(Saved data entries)
(* homogeneous cochains of cohomological degree p and Z^n-degree a:
   elements of C^p_a = (+)_{#|F| = p} (R_{x_F})_a, coordinates on the
   basis x^a of the nonzero summands *)
Definition cech_cochain G (p : nat) (a : 'I_n -> int)
    (c : {ffun {set 'I_n} -> K}) : Prop :=
  forall F, c F != 0 -> (#|F| == p)%N && cech_cell G F a.

Definition cech_sign (E : {set 'I_n}) (j : 'I_n) : K :=
  (-1) ^+ #|[set l in E | (l < j)%N]|.

(* Cech differential: e_E |-> sum_{j notin E} sign(E,j) e_{E u {j}},
   where each component R_{x_E} -> R_{x_{E u j}} is the localization map *)
Definition cech_d G (a : 'I_n -> int) (c : {ffun {set 'I_n} -> K})
    : {ffun {set 'I_n} -> K} :=
  [ffun F => if cech_cell G F a
             then \sum_(j in F) cech_sign (F :\ j) j * c (F :\ j)
             else 0].

Definition cech_cocycle G p a c : Prop :=
  cech_cochain G p a c /\ cech_d G a c = 0.

Definition cech_coboundary G (p : nat) a c : Prop :=
  if p is q.+1 then exists c', cech_cochain G q a c' /\ cech_d G a c' = c
  else c = 0.

Definition loccoh_nonzero G (i : nat) (a : 'I_n -> int) : Prop :=
  exists c, cech_cocycle G i a c /\ ~ cech_coboundary G i a c.

(* multiplication by the monomial x^b, from degree a to degree a + b *)
Definition shift (a : 'I_n -> int) (b : 'I_n -> nat) : 'I_n -> int :=
  fun j => a j + (b j)%:Z.

Definition cech_mulmon G (a : 'I_n -> int) (b : 'I_n -> nat)
    (c : {ffun {set 'I_n} -> K}) : {ffun {set 'I_n} -> K} :=
  [ffun F => if cech_cell G F (shift a b) then c F else 0].

(* H^i_m(R) has finite length: only finitely many nonzero graded pieces
   (each piece is finite dimensional over K = R/m) *)
Definition loccoh_finite_length G (i : nat) : Prop :=
  exists N : nat, forall a : 'I_n -> int,
    (exists j, (N < `|a j|)%N) -> ~ loccoh_nonzero G i a.

Definition gen_CM G (d : nat) : Prop :=
  forall i, i != d -> loccoh_finite_length G i.

(* m^k H^i_m(R) = 0 : m^k is generated by the monomials x^b with |b| = k,
   and H^i_m(R) is Z^n-graded, so this says every x^b * [c] vanishes *)
Definition mpow_annihilates G (k : nat) (i : nat) : Prop :=
  forall (a : 'I_n -> int) (b : 'I_n -> nat), (\sum_j b j)%N = k ->
    forall c, cech_cocycle G i a c ->
      cech_coboundary G i (shift a b) (cech_mulmon G a b c).

End Defs.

_Aim of the task:_ Pull every line with the word "each" from the data.

_Solution to this task:_
   where each component R_{x_E} -> R_{x_{E u j}} is the localization map *)
   (each piece is finite dimensional over K = R/m) *)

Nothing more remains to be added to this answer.